What does this mean to marketers and compliance professionals at companies making calls to consumers?

To avoid a TCPA suit, you must ensure ahead of dialing that you have prior express written consent on a clear and conspicuous disclosure. It doesn’t really matter if it’s a serial plaintiff or a one time incident. If you handle dialing consumers with the right compliance process then you are only dialing or texting the consumers who have provided the correct proper consent and have the confidence you need because you’ve taken all the right steps ahead of dialing them.

Unlike what we have always been taught about the U.S. justice system, when it comes to the TCPA, you don’t really seem to be innocent until proven guilty. Rather, if you do end up getting targeted, the burden is on you to prove that you are not violating the TCPA by providing persuasive evidence that you had express written consent. You need a compelling way to show that the plaintiff using any of the phone numbers she entered, no matter with which of the 35 it was, provided consent to be called.

Does the Spokeo ruling mean that companies are now safe from these serial plaintiffs?

Wells Fargo was fortunate that the judge in Ms. Stoops’ case based his decision on the recent Spokeo case, though, companies cannot rely on all judges to interpret the TCPA in the same way. In fact, one of my colleagues recently wrote a blog about the largest TCPA case to date, against Caribbean Cruise Lines, which tried to use the Spokeo case to their advantage and was not successful.

Even though Wells Fargo won against Ms. Stoops, the company still had to go to court and pay the legal fees associated with the case. They may have been able to avoid having to go to court if they had had a reliable solution in place to be certain that the consumers they were dialing had provided express written consent to be called. And they could have avoided even having to step foot in court if they’d had persuasive evidence to provide to Ms.
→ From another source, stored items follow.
Lemma clopen_right_stable (W : set G) : clopen W ->
  exists N, nbhs one N /\ forall w n, W w -> N n -> W (mul w n).
Proof.
move=> [oW cW].
have /choice [AB hAB] : forall w, exists AB : set G * set G,
    W w -> [/\ open AB.1, AB.1 w, open AB.2, AB.2 one &
            forall a c, AB.1 a -> AB.2 c -> W (mul a c)].
  move=> w; have [Ww|nW] := pselect (W w); last by exists (setT, setT).
  have : nbhs (w, one) [set p : G * G | W (mul p.1 p.2)].
    apply: (@mul_continuous (w, one)); apply: open_nbhs_nbhs; split => //=.
    by rewrite mulg1.
  by case/nbhs_pair_split => A [B [oA Aw oB B1 h]]; exists (A, B).
have cptW : compact W by exact: (subclosed_compact cW G_compact).
have op0 : forall w, W w -> open (AB w).1 by move=> w /hAB [].
have cov0 : W `<=` cover W (fun w => (AB w).1).
  by move=> w Ww; exists w => //; case: (hAB w Ww).
have [D' sD cov] := compact_finite_cover cptW op0 cov0.
exists (\bigcap_(w in [set` D']) (AB w).2); split.
  apply: filter_bigI => w wD; have Ww : W w by have := sD w wD; rewrite inE.
  by have [_ _ o h _] := hAB w Ww; exact: open_nbhs_nbhs.
move=> w n Ww Nn; have [v vD hv] := cov w Ww.
have Wv : W v by have := sD v vD; rewrite inE.
by have [_ _ _ _ h] := hAB v Wv; apply: h => //; exact: Nn.
Qed.

(* Every neighbourhood of one in a profinite group contains an open subgroup:
   the right stabilizer of a clopen neighbourhood of one inside it. *)
Lemma open_subgroup_sub (O : set G) : open O -> O one ->
  exists V, [/\ open V, subgroup V & V `<=` O].
Proof.
move=> oO O1.
have [W [clW W1 WO]] := clopen_nbhs_sub G_compact G_hausdorff G_totally_disconnected oO O1.
have [N [nN WN]] := clopen_right_stable clW.
pose N2 := N° `&` [set g | N° (inv g)].
have oN2 : open N2.
  apply: openI; first exact: open_interior.
  by apply: open_preimage; [exact: continuous_invf | exact: open_interior].
have N2V : forall n, N2 n -> N2 (inv n) by move=> n [h1 h2]; split => //=; rewrite invK.
have WN2 : forall w n, W w -> N2 n -> W (mul w n).
  by move=> w n Ww [/interior_subset h _]; exact: WN.
pose V := [set g | (forall w, W w -> W (mul w g)) /\
                   (forall w, W w -> W (mul w (inv g)))].
have hV : subgroup V.
  split.
  - by split => w Ww; rewrite ?inv1 mulg1.
  - move=> g h [g1 g2] [h1 h2]; split => w Ww.
      by rewrite mulA; apply: h1; exact: g1.
    by rewrite invM mulA; apply: g2; exact: h2.
  - by move=> g [g1 g2]; split => //; rewrite invK.
exists V; split => //; last by move=> g [h _]; apply: WO; rewrite -(mul1g g); exact: h.
have -> : V = \bigcup_(v in V) [set g | N2 (mul (inv v) g)].
  apply/seteqP; split => [v Vv|g [v [v1 v2] /= hn]].
    exists v => //=; rewrite mulVg; split; [exact: nN | rewrite /= inv1; exact: nN].
  split => w Ww.
    by rewrite -(mulKVg v g) mulA; apply: WN2 => //; exact: v1.
  rewrite -(mulKVg v g) invM mulA; apply: v2; apply: WN2 => //; exact: N2V.
apply: bigcup_open => v _; apply: open_preimage oN2.
by apply: continuous_mulf => //; exact: cst_continuous.
Qed.

Lemma closure_subgroup S : subgroup S -> subgroup (closure S).
Proof.
move=> hS; split.
- by apply: subset_closure; exact: sub1.
- move=> x y cx cy N nN.
  have : nbhs (x, y) [set p : G * G | N (mul p.1 p.2)] by exact: (@mul_continuous (x, y)).
  case/nbhs_pair_split => A [B [oA Ax oB By h]].
  have [a [Sa Aa]] := cx A (open_nbhs_nbhs (conj oA Ax)).
  have [c [Sc Bc]] := cy B (open_nbhs_nbhs (conj oB By)).
  by exists (mul a c); split; [exact: subM | exact: h].
- move=> x cx N nN.
  have : nbhs x [set g | N (inv g)] by exact: (@inv_continuous x).
  by move=> /cx [a [Sa Na]]; exists (inv a); split => //; exact: subV.
Qed.

Local Notation pw h n := (iter n (mul h) one).

Lemma pwD h m n : pw h (m + n) = mul (pw h m) (pw h n).
Proof.
elim: m => [|m IH]; first by rewrite add0n /= mul1g.
by rewrite addSn /= IH mulA.
Qed.

Lemma cyc_subgroup h : subgroup (cyc mul inv one h).
Proof.
have mix m n : exists k, mul (pw h m) (inv (pw h n)) = pw h k \/
                         mul (pw h m) (inv (pw h n)) = inv (pw h k).
  have [le|lt] := leqP n m.
    by exists (m - n); left; rewrite -{1}(subnK le) pwD mulgK.
  exists (n - m); right.
  by rewrite -{1}(subnK (ltnW lt)) pwD invM mulA mulgV mul1g.
split.
- by exists 0; left.
- move=> x y [m [-> | ->]] [n [-> | ->]].
  + by exists (m + n); left; rewrite pwD.
  + by have [k hk] := mix m n; exists k.
  + have [k hk] := mix n m; exists k.
    suff -> : mul (inv (pw h m)) (pw h n) = mul (pw h n) (inv (pw h m)) by [].
    by apply: (@mulgI (pw h m)); rewrite mulKVg mulA -pwD addnC pwD mulgK.
  + by exists (n + m); right; rewrite pwD invM.
- by move=> x [m [-> | ->]]; exists m; [right | left] => //; rewrite invK.
Qed.

Lemma cyc_sub H h : subgroup H -> H h -> cyc mul inv one h `<=` H.
Proof.
move=> hH Hh; have pH n : H (pw h n).
  by elim: n => [|n IH]; [exact: sub1 | rewrite /=; exact: subM].
by move=> z [n [-> | ->]]; [exact: (pH n) | apply: (subV hH); exact: (pH n)].
Qed.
Stoops’ attorney to get the case dropped immediately.

Regardless of the legal outcome, the damage to the company’s reputation has been done. Wells Fargo’s brand is now tarnished by being associated with a TCPA claim and the damage to the reputation of a business can be far more harmful than any monetary cost.

Companies are challenged to know exactly what steps they need to take to prevent a TCPA lawsuit and how a judge will interpret it. Businesses need a clear path to get all the information needed and documented ahead of time for as long as it is needed. Because it could be open to interpretation by a judge at some point, it’s crucial that you can undeniably prove you have followed all the best practices.